- **To do**:
In the records below, find the line with "vtx :> Type;" and the line with "Definition iarr (J". Print both exactly, along with every line between them, and no other line.

[[ Source information, beginning ]]

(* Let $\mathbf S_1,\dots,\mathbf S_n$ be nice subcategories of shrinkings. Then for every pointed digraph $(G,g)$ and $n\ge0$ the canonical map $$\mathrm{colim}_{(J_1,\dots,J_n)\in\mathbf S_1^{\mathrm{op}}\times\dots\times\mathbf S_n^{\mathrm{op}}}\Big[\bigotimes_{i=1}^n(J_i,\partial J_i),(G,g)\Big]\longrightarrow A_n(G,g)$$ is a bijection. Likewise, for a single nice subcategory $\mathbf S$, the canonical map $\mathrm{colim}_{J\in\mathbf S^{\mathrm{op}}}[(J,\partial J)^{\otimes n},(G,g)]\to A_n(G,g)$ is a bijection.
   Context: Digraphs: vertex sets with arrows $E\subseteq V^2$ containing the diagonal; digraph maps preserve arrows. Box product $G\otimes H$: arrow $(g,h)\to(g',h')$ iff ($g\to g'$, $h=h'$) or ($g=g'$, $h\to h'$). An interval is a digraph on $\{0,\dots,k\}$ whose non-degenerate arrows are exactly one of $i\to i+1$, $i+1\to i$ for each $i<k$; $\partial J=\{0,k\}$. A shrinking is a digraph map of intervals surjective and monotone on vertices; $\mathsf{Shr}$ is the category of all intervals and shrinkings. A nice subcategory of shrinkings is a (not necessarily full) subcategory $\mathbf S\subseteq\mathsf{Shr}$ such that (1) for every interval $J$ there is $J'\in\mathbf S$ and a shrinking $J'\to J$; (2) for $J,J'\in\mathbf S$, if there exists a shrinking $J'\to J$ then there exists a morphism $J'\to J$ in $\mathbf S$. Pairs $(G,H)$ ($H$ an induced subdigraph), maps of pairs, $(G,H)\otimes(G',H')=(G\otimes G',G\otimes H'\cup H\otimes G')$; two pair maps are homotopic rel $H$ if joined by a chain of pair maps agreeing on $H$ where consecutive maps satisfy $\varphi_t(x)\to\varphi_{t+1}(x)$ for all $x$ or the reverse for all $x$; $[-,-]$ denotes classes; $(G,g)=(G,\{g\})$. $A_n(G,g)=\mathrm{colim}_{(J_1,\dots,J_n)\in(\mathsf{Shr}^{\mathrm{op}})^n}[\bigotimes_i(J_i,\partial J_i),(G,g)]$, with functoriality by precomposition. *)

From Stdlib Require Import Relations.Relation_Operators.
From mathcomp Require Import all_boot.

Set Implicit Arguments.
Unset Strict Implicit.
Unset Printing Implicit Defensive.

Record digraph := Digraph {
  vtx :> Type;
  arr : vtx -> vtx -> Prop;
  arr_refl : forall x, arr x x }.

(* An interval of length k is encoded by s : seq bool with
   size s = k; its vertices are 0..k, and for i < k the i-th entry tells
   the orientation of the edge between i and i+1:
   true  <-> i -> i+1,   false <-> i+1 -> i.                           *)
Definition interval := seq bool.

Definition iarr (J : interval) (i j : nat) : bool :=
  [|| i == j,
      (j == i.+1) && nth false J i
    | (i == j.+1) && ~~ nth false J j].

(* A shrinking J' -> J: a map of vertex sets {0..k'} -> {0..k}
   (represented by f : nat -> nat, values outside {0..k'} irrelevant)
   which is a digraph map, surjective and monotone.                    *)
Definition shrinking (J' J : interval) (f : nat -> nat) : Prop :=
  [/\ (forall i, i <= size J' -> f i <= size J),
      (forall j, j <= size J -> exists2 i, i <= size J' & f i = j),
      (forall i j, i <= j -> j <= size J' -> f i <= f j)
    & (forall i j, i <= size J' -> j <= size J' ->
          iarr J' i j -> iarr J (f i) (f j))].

[[ Source information, end ]]

- **Response to the exercise**:
  vtx :> Type;
  arr : vtx -> vtx -> Prop;
  arr_refl : forall x, arr x x }.

(* An interval of length k is encoded by s : seq bool with
   size s = k; its vertices are 0..k, and for i < k the i-th entry tells
   the orientation of the edge between i and i+1:
   true  <-> i -> i+1,   false <-> i+1 -> i.                           *)
Definition interval := seq bool.

Definition iarr (J : interval) (i j : nat) : bool :=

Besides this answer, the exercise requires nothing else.